因为那个人孱弱的身体,因为那个电话代表着病危的消息,如同不知何时会降临的厄运。
为那样一个人,是值得的。
俞初然想。
直到北方漫长的冬天结束,俞初然终于斩断过往和边风怜有关的一切。
她终于知道边风怜名字的由来:
风波不信菱枝弱。
原来边风怜,生来就是要爱那个人的。
在一个尘埃落定的春天,生机席卷大地的时候。她再次想起边风怜,和她悲伤的原因。
爱这样的人一定很痛苦。
不然边风怜怎么总是哭呢?
“这边的春天好暖和。”俞初然没头没尾说了一句。
小助理已经困得不行,脑袋差点栽进后座,她一下子清醒过来,揉了揉眼睛。
“对了姐,今天有人送花过来,我已经让他们顺路带到公寓了。
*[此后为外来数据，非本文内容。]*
Theorem proposition3p4
  (G : zmodType) (TG : pset (pset G))
  (H : zmodType) (cH : convergence H)
  (L : zmodType) (TL : pset (pset L))
  (hG : is_topological_group TG) (hGb : baire TG)
  (hH : is_convergence_group cH) (hH1 : first_countable cH)
  (hL : is_topological_group TL)
  (u : G -> H -> L)
  (hu : bihom u)
  (hsep : separately_continuous (top_conv TG) cH (top_conv TL) u) :
  conv_continuous (prod_conv (top_conv TG) cH) (top_conv TL)
    (fun p : G * H => u p.1 p.2).
Proof.
move=> F [x y] [hF [hFx hFy]] /=; split; first exact: fmap_filter.
move=> A [W [hW [hWxy hWA]]].
have [P [Q [hP hPxy hQ hQ0 hPQ]]] := hL.2 W (u x y) 0 hW (ltac:(by rewrite subr0)).
have [Q1 [Q2 [hQ1 hQ10 hQ2 hQ20 hQ12]]] := split_zero_nbhd hL hQ hQ0.
have near_first : F (fun p => P (u p.1 y)).
  exact: (continuous_open_preimage (hsep.2 y) hFx hP hPxy).
(* u x (y - c) is near 0, since y - c -> 0 and u x is continuous at 0 *)
have near_second : F (fun p => Q1 (u x (y - p.2))).
  have := continuous_open_preimage (hsep.1 x) (conv_sub_principal_l hH hFy) hQ1.
  by rewrite (bihom0r hu) => /(_ hQ10) /(filter_sub_principal_l (fmap_filter snd hF)).
(* u (a - x) (c - y) is near 0, by equicontinuity on a base set of F - y *)
have near_mixed : F (fun p => Q2 (u (p.1 - x) (p.2 - y))).
  have [V [_ [hVF [[b hb] hV0]]]] := hH1 _ _ (conv_sub_principal_r hH hFy).
  have [V1 [n [hV1 hV10 hV1b]]] :=
    equicontinuous_on_base hu hG hGb hL hsep hb hV0 hQ2 hQ20.
  have near_x : F (fun p => V1 (p.1 - x)) := hFx.2 _ (translate_nbhd hG x hV1 hV10).
  have near_y : F (fun p => b n (p.2 - y)).
    apply: (filter_sub_principal_r (fmap_filter snd hF)); apply: hVF.
    by apply/hb; exists n.
  by apply: (filter_conj hF near_x near_y) => p; apply: hV1b.
apply: (filter_conj hF (filter_conj hF near_first near_second _) near_mixed).
  by move=> p h1 h2; exact: (conj h1 h2).
move=> [a c] /= [h1 h2] h3; apply: hWA; rewrite (bihom_expand hu x a y c).
by apply: hPQ => //; apply: hQ12.
Qed.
”
俞初然只以为是粉丝送的,回到公寓看到巨大的一捧向日葵。
她喜欢的是蝴蝶兰,粉丝不会送这个。
花束的贺卡上写着十分逎劲大气的几个字:
祝拍摄顺利。
落款是边菱。
春天不是向日葵的花期,这么漂亮新鲜的花朵应当来自南半球。
蓬勃,热烈,自由奔放。
是边菱送她的祝词。
三小时前。
“祝拍摄顺利——”边风怜捏着贺卡,一个字一个字读出来。
边菱坐在沙发上翻杂志,闻言抬头看过来。
“有什么问题?”
她的发音已经十分流利,几乎不像个十几年不说话的人。
三年来,她们在很多城市旅行,选择喜欢的地方小住,却没有想好在哪里定居。
直到她们在夏天回到意大利的一个小镇,那里有海,长租的房子前还种着柠檬树。
边菱说,就在这里吧。
她仍然记得,求婚之后她们就来到了这里。
意大利柔软朦胧的黄昏,似乎能把所有的幸福都延长到永恒。
边风怜做饭还是笨手笨脚,却意外地对意餐很是擅长——后来才知道她在集市上淘到了一本中意双语的食谱,照葫芦画瓢,也算成功。
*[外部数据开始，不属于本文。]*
Lemma pser_coef_bound a (w : C) : converges (pser a w) ->
  exists B, 0 < B /\ forall k, `|a k| * `|w| ^+ k <= B.
Proof.
move=> [l /has_sum_bounded[B [B0 aB]]]; exists B; split => // k.
by rewrite -normrX -normrM; apply: aB.
Qed.

Lemma has_sum_pserB a d (z la ld : C) : has_sum (pser a z) la -> has_sum (pser d z) ld ->
  has_sum (pser (fun k => a k - d k) z) (la - ld).
Proof. by move=> ha hd; apply: has_sum_ext (has_sumB ha hd) => k; rewrite /pser mulrBl. Qed.

Lemma coef_geometric_decay d (r : C) : inA d -> 0 <= r -> r < 1 ->
  exists B q, [/\ 0 < B, 0 <= q, q < 1 & forall k, `|d k| * r ^+ k <= B * q ^+ k].
Proof.
move=> dA r0 r1; have [rr' r'1] := midf_lt r1; set r' := (r + 1) / 2 in rr' r'1.
have r'_gt0 : 0 < r' by apply: le_lt_trans rr'.
have [B [B0 dB]] : exists B, 0 < B /\ forall k, `|d k| * `|r'| ^+ k <= B.
  by apply/pser_coef_bound/dA; rewrite gtr0_norm.
rewrite (gtr0_norm r'_gt0) in dB.
have q0 : 0 <= r / r' by rewrite divr_ge0 // ltW.
exists B, (r / r'); split=> // [|k]; first by rewrite ltr_pdivrMr ?mul1r.
have -> : r ^+ k = r' ^+ k * (r / r') ^+ k by rewrite -exprMn mulrC divfK // gt_eqF.
by rewrite mulrA ler_wpM2r ?exprn_ge0.
Qed.

Lemma has_sum_root_filter a v (w : C) N m : N.-primitive_root w ->
  (forall j, (j < N)%N -> has_sum (fun l => a l * (w ^+ j) ^+ l) (v j)) ->
  has_sum (fun l => if (N %| l + m)%N then a l else 0)
    (N%:R^-1 * \sum_(j < N) (w ^+ m) ^+ j * v j).
Proof.
move=> pw av; have N_gt0 := prim_order_gt0 pw.
rewrite mulr_sumr (eq_bigr (fun j : 'I_N => N%:R^-1 * (w ^+ m) ^+ j * v j)) => [|j _];
  last by rewrite mulrA.
apply: has_sum_ext (has_sum_sum (fun j jN => has_sumZ (N%:R^-1 * (w ^+ m) ^+ j) (av j jN))).
move=> l /=; rewrite (eq_bigr (fun j : 'I_N => a l * N%:R^-1 * (w ^+ (l + m)) ^+ j)).
  rewrite -mulr_sumr sum_prim_root_expr //; case: ifP => _; last by rewrite mulr0.
  by rewrite mulfVK // pnatr_eq0 -lt0n.
by move=> j _; rewrite -!exprM mulnDl exprD [(j * l)%N]mulnC; ring.
Qed.

Lemma coef_le_sup d (r M : C) k : inA d -> 0 <= r -> r < 1 ->
  (forall z, `|z| <= r -> forall l, has_sum (pser d z) l -> `|l| <= M) ->
  `|d k| * r ^+ k <= M.
Proof.
move=> dA r0 r1 dM; apply/ler_addgt0Pr => e e0.
have [B [q [B0 q0 q1 dB]]] := coef_geometric_decay dA r0 r1.
have q1_gt0 : 0 < 1 - q by rewrite subr_gt0.
have [N0 qN0] := exprn_small q0 q1 (divr_gt0 (mulr_gt0 e0 q1_gt0) B0).
pose N := (N0 + k).+1; have N_gt0 : (0 < N)%N by [].
have [w pw] : exists w : C, N.-primitive_root w.
  by apply: prim_root_exists; rewrite ?pnatr_eq0.
have w1 := norm_prim_root N_gt0 pw.
have rw1 j : `|r * w ^+ j| = r by rewrite normrM normrX w1 expr1n mulr1 ger0_norm.
have /choice[v dv] : forall j, exists l, has_sum (pser d (r * w ^+ j)) l.
  by move=> j; apply: dA; rewrite rw1.
have dv' j : (j < N)%N -> has_sum (fun l => d l * r ^+ l * (w ^+ j) ^+ l) (v j).
  by move=> _; apply: has_sum_ext (dv j) => l; rewrite /pser exprMn mulrA.
(* Averaging against the N-th roots of unity keeps the indices congruent to k
   mod N; apart from k itself they are at least N, a small geometric tail. *)
have := has_sum_root_filter (N - k) pw dv'.
set A := (N%:R^-1 * _) => filterA.
have AM : `|A| <= M.
  by apply: norm_root_average_le pw _ => j _; apply: dM (dv j); rewrite rw1.
have kN : (k < N)%N by rewrite ltnS leq_addl.
pose u l := (if (N %| l + (N - k))%N then d l * r ^+ l else 0) -
  (if l == k then d k * r ^+ k else 0).
have tailA : `|A - d k * r ^+ k| <= e.
  apply: has_sum_norm_le (has_sumB filterA (has_sum_dirac k (d k * r ^+ k))) _ => n.
  apply: le_trans (norm_sum_geo_tail_le (u := u) (A := B) (N := N) n q0 q1 _ _) _.
  - move=> l; rewrite /u; case: (eqVneq l k) => [->|lk].
      by rewrite subnKC ?dvdnn ?(ltnW kN) // subrr normr0 mulr_ge0 ?exprn_ge0 ?(ltW B0).
    rewrite subr0; case: ifP => _; last by rewrite normr0 mulr_ge0 ?exprn_ge0 ?(ltW B0).
    by rewrite normrM normrX (ger0_norm r0) dB.
  - move=> l lN; rewrite /u dvdn_addn_subn //.
    by case: (eqVneq l k) => [->|]; rewrite subrr.
  - rewrite ler_pdivrMr // mulrC -ler_pdivlMr //.
    by apply/ltW/qN0; apply/leqW/leq_addr.
rewrite -(ger0_norm r0) -normrX -normrM.
have -> : d k * r ^+ k = A - (A - d k * r ^+ k) by rewrite opprB addrC subrK.
by apply: le_trans (ler_normB _ _) _; apply: lerD.
Qed.

End PowerSeries.

Section DilationOperator.
Variable R : realType.
Local Notation C := R[i].
Implicit Types (a f g : nat -> C) (V : set (nat -> C)).

Lemma pser_Pop a (x z : C) k : pser (Pop x a) z k = pser a (x * z) k.
Proof. by rewrite /pser /Pop exprMn mulrA. Qed.

Lemma pser_hadamard_Pop f g (x : C) k :
  pser (hadamard f (Pop x g)) 1 k = pser (hadamard f g) x k.
Proof. by rewrite /pser /hadamard /Pop expr1n mulr1 mulrA. Qed.

Lemma Pop0 a (x : C) : Pop x a 0 = a 0.
Proof. by rewrite /Pop expr0 mulr1. Qed.

Lemma inAbar_inA a : inAbar a -> inA a.
Proof. by move=> [rho [rho1 arho]] z z1; apply: arho; apply: lt_trans rho1. Qed.

Lemma inAbar_Pop a (rho x : C) :
  (forall z, `|z| < rho -> converges (pser a z)) -> `|x| < rho -> inAbar (Pop x a).
Proof.
move=> arho xrho; have rho_gt0 : 0 < rho by apply: le_lt_trans xrho.
have Pop_conv z : `|x * z| < rho -> converges (pser (Pop x a) z).
  by move=> /arho[l al]; exists l; apply: has_sum_ext al => k; rewrite pser_Pop.
have [x0|x_neq0] := eqVneq x 0.
  by exists 2; split=> [|z _]; rewrite ?ltr1n //; apply: Pop_conv; rewrite x0 mul0r normr0.
have x_gt0 : 0 < `|x| by rewrite normr_gt0.
exists (rho / `|x|); split=> [|z zx]; first by rewrite ltr_pdivlMr // mul1r.
by apply: Pop_conv; rewrite normrM mulrC -ltr_pdivlMr.
Qed.

Lemma dualT_sub_dual V : complete (dualT V) -> dualT V `<=` dual V.
Proof.
move=> VTc g VTg; have [[/inAbar_inA gA g0] _] := VTg; split=> // f Vf z z1 l fgl.
have [_ Pzg] := VTc g VTg z (ltW z1).
by apply: (Pzg f Vf l); apply: has_sum_ext fgl => k; rewrite pser_hadamard_Pop.
Qed.

Lemma Pop_dual_dualT V g (z : C) : dual V g -> `|z| < 1 -> dualT V (Pop z g).
Proof.
move=> [[gA g0] Vg] z1; split; first by split; [apply: inAbar_Pop gA z1 | rewrite Pop0].
move=> f Vf l fgl; apply: (Vg f Vf z z1 l).
by apply: has_sum_ext fgl => k; rewrite pser_hadamard_Pop.
Qed.

End DilationOperator.

Section LocallyUniformTopology.
Variable R : realType.
Local Notation C := R[i].
Implicit Types (f g h : nat -> C) (U : set (nat -> C)).

Definition nearA (r eps : C) f g : Prop :=
  forall z : C, `|z| <= r -> forall lf lg : C,
    has_sum (pser f z) lf -> has_sum (pser g z) lg -> `|lg - lf| < eps.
有时候太阳晒人,边菱不愿意出门,就会坐在院子的遮阳伞下看书。房子占地高,眼前就是辽阔碧蓝的海。边风怜偶尔会去冲浪,战胜一个浪之后,就笑嘻嘻地朝着边菱挥手。
边风怜临时起意养了一只小狗,小小的不过一个月大。命名之后才想起她们不能把这小玩意带来带去,只好托付邻居奶奶照顾。
边菱很喜欢这只小狗,尤其爱看它在自己脚边打滚,让她想起边风怜。
小狗叫什么呢?
叫月亮。
决定了定居后,两人又忙碌了几个月,找房子,挑选家具,装饰房子。
然后,边菱说要回家一趟。
母亲仍然没有消息,但是外公还在家里,她们需要回家去,告诉家人她们决定住在哪里。
所以她们回来了。
边风怜买了相机,正是新鲜的时候,于是拉着边菱到处拍照。
她们去了好多承载着两人回忆的地方,边风怜就像个摄影大牛似的指导她姐的动作眼神,拍出来的效果么……
亏得边菱天生丽质——看过照片的陶含意评价道。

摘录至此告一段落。